Changes to the String object in Java 9
Overview
In Java 9, the underlying String object has been changed from char[]
to byte[]
, which has the immediate benefit of being more memory-efficient, hence the name Compact Strings Improvement. Because in Java char
takes up 2 bytes and byte
takes up 1 byte, while a Unicode character does not necessarily need 2 bytes to be represented, at least ASCII characters only need 1 byte to be done. That is, if your string is full of ASCII characters, half the space would be wasted if you use char.
A brief Unicode description
Speaking of Unicode and its Code Points and Code Units, think of Unicode as a giant table where each character has a unique corresponding number.
A Code Point represents the serial number of a Unicode character in the table.
> 'A'.codePointAt(0).toString(16)
'41'
> 'π'.codePointAt(0).toString(16)
'3c0'
> '🙂'.codePointAt(0).toString(16)
'1f642'
One or more Code Units represent a Code Point, which is used to store and transmit Unicode characters, as follows in UTF-8 encoding.

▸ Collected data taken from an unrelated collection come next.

Lemma closed_loop_s_dynamics M m0 lam Kr x dx ddx :
  q_Dm M m0 x *m ddx + q_Cm M m0 x dx *m dx = q_tau_cl M m0 lam Kr x dx ->
  q_Dm M m0 x *m (ddx + lam *: (q_sc x *: dx + q_sc dx *: x))
  = - ((q_Cm M m0 x dx + Kr) *m s_of lam x dx).
Proof.
rewrite /q_tau_cl /s_of.
move: (q_Dm M m0 x) (q_Cm M m0 x dx) (q_sc x *: dx + _) (q_sc x *: x - _) => D C v w.
move=> /(canRL (addrK _)) Dddx; rewrite mulmxDr Dddx !mulmxDl !mulmxDr -!scalemxAr.
move: (D *m v) (C *m w) (C *m dx) (Kr *m dx) (Kr *m w) => a b c d e.
by apply/matrixP => i j; rewrite !mxE; ring.
Qed.

End Quaternions.

Definition q_lyap M m0 lam (x dx : 'cV[R]_4) : R := qform (q_Dm M m0 x) (s_of lam x dx).

Section ClosedLoop.
Variables (M : 'M[R]_3) (m0 lam : R) (Kr : 'M[R]_4) (t0 : R) (q dq ddq : R -> 'cV[R]_4).
Hypotheses (MT : M^T = M) (sol : closed_loop_solution M m0 lam Kr t0 q dq ddq).

Lemma solution_sqnorm u : t0 <= u -> sqnorm (q u) = 1.
Proof.
case: sol => _ _ q_unit _ t0u; have := q_unit u t0u.
by rewrite q_enormE => /(congr1 (fun r => r ^+ 2)); rewrite sqr_sqrtr ?sqnorm_ge0 // expr1n.
Qed.

Lemma solution_is_derive u :
  t0 < u -> mx_is_derive u q (dq u) /\ mx_is_derive u dq (ddq u).
Proof.
by case: sol => der _ _ _ t0u; split => i j; rewrite (ord1 j); have [] := der u t0u i.
Qed.

Lemma solution_continuous :
  mx_continuous (q : subspace [set u | t0 <= u] -> _) /\
  mx_continuous (dq : subspace [set u | t0 <= u] -> _).
Proof. by case: sol => _ cont _ _; split => i j; rewrite (ord1 j); have [] := cont i. Qed.

Lemma solution_tangent u : t0 < u -> ((q u)^T *m dq u) 0 0 = 0.
Proof.
move=> t0u; have [q_der _] := solution_is_derive t0u.
have sq_der := qform_is_derive (mx_is_derive_cst u 1%:M) q_der (tr_scalar_mx _ 1).
have sq_cst : is_derive u 1 (fun v => qform 1%:M (q v)) 0.
  apply: (near_eq_is_derive _ (is_derive_cst (1 : R) u 1)).
  by near=> v; rewrite qform1 solution_sqnorm // ltW //; near: v; apply: lt_nbhsr.
have := derive_val (is_derive := sq_der); rewrite (derive_val (is_derive := sq_cst)).
by rewrite mulmx1 /qform mulmx0 mul0mx mxE add0r => /esym/eqP; rewrite mulf_eq0 pnatr_eq0 => /eqP.
Unshelve. all: by end_near.
Qed.

Lemma q_lyap_is_derive u : t0 < u ->
  is_derive u 1 (fun u => q_lyap M m0 lam (q u) (dq u))
    (-2 * qform Kr (s_of lam (q u) (dq u))).
Proof.
move=> t0u; have [q_der dq_der] := solution_is_derive t0u.
have s_der : mx_is_derive u (fun u => s_of lam (q u) (dq u))
    (ddq u + lam *: (q_sc (q u) *: dq u + q_sc (dq u) *: q u)).
  have := mx_is_deriveD dq_der (mx_is_deriveZ (is_derive_cst lam u 1)
    (mx_is_deriveD (mx_is_deriveZ (q_der 0 0) q_der) (mx_is_derive_cst u (- q_one4 R)))).
  by rewrite addr0 scale0r addr0.
set N := q_Nm M m0; set dQ := q_Qm (dq u); set Q := q_Qm (q u).
have D_der : mx_is_derive u (fun u => q_Dm M m0 (q u)) (dQ *m N *m Q^T + Q *m N *m dQ^T).
  under eq_fun do rewrite q_Dm_factor.
  have Q_der := mx_is_derive_q_Qm q_der.
  have := mx_is_deriveM (mx_is_deriveM Q_der (mx_is_derive_cst u N)) (mx_is_derive_tr Q_der).
  by rewrite mulmx0 addr0.
have D_sym : (q_Dm M m0 (q u))^T = q_Dm M m0 (q u).
  by rewrite q_Dm_factor !trmx_mul trmxK q_Nm_sym // mulmxA.
apply: is_derive_eq (qform_is_derive D_der s_der D_sym) _.
rewrite q_Dm_derive_quad ?solution_sqnorm ?ltW ?solution_tangent //.
have [_ _ _ lagrange] := sol.
rewrite -mulmxA (closed_loop_s_dynamics (lagrange u t0u)) -mulNmx qform_mulmx qformN qformD.
ring.
Qed.
(* Prove [X != 0] from [h : Y != 0] when [Y = X] is a ring identity. *)
Ltac neq0_by_ring h :=
  apply: (contra_neq _ h); let Hz := fresh in move=> Hz; apply: (etrans _ Hz); ring.

Section Coordinates.
Variable C : numClosedFieldType.
Implicit Type M : 'M[C]_3.

Lemma mx3_eta M :
  M = mx3 [:: [:: M i0 i0; M i0 i1; M i0 i2]; [:: M i1 i0; M i1 i1; M i1 i2];
              [:: M i2 i0; M i2 i1; M i2 i2]].
Proof.
apply/matrixP => i j; rewrite mxE.
by ord3 i; ord3 j; congr (M _ _); apply: val_inj.
Qed.

Lemma mx3_congr (a b c d e f g h k a' b' c' d' e' f' g' h' k' : C) :
  a = a' -> b = b' -> c = c' -> d = d' -> e = e' -> f = f' -> g = g' -> h = h' -> k = k' ->
  mx3 [:: [:: a; b; c]; [:: d; e; f]; [:: g; h; k]] =
  mx3 [:: [:: a'; b'; c']; [:: d'; e'; f']; [:: g'; h'; k']].
Proof. by move=> -> -> -> -> -> -> -> -> ->. Qed.

Lemma mul_mx3 (a b c d e f g h k a' b' c' d' e' f' g' h' k' : C) :
  mx3 [:: [:: a; b; c]; [:: d; e; f]; [:: g; h; k]] *m
  mx3 [:: [:: a'; b'; c']; [:: d'; e'; f']; [:: g'; h'; k']] =
  mx3 [:: [:: a*a' + b*d' + c*g'; a*b' + b*e' + c*h'; a*c' + b*f' + c*k'];
          [:: d*a' + e*d' + f*g'; d*b' + e*e' + f*h'; d*c' + e*f' + f*k'];
          [:: g*a' + h*d' + k*g'; g*b' + h*e' + k*h'; g*c' + h*f' + k*k']].
Proof.
apply/matrixP => i j; rewrite !mxE !big_ord_recl big_ord0 !mxE /=.
ord3 i; ord3 j; rewrite /bump /=; ring.
Qed.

Character | Code point | Code units |
A | 0x0041 | 01000001 |
π | 0x03C0 | 11001111, 10000000 |
i | 0x1F642 | 11110000, 10011111, 10011001, 10000010 |
UTF-8 Code Unit occupies 8 bits (1 byte), UTF-16 Code Unit occupies 16 bits (2 bytes), UTF-32 Code Unit occupies 32 bits (4 bytes), except for UTF-32, UTF-8/16 are variable length encoding, which means that when converting a Code Point into a Code Unit This means that when converting a Code Point to a Code Unit, one or more Code Units are used depending on the situation (as explained in the table above).
So, when Java 9 String is changed from char[]
to byte[]
at the bottom, unless UTF-32 encoding (fixed-length encoding) is used, then it is definitely variable-length encoding, making the memory footprint more compact. That’s why the Java 9 String API adds methods on Code Point.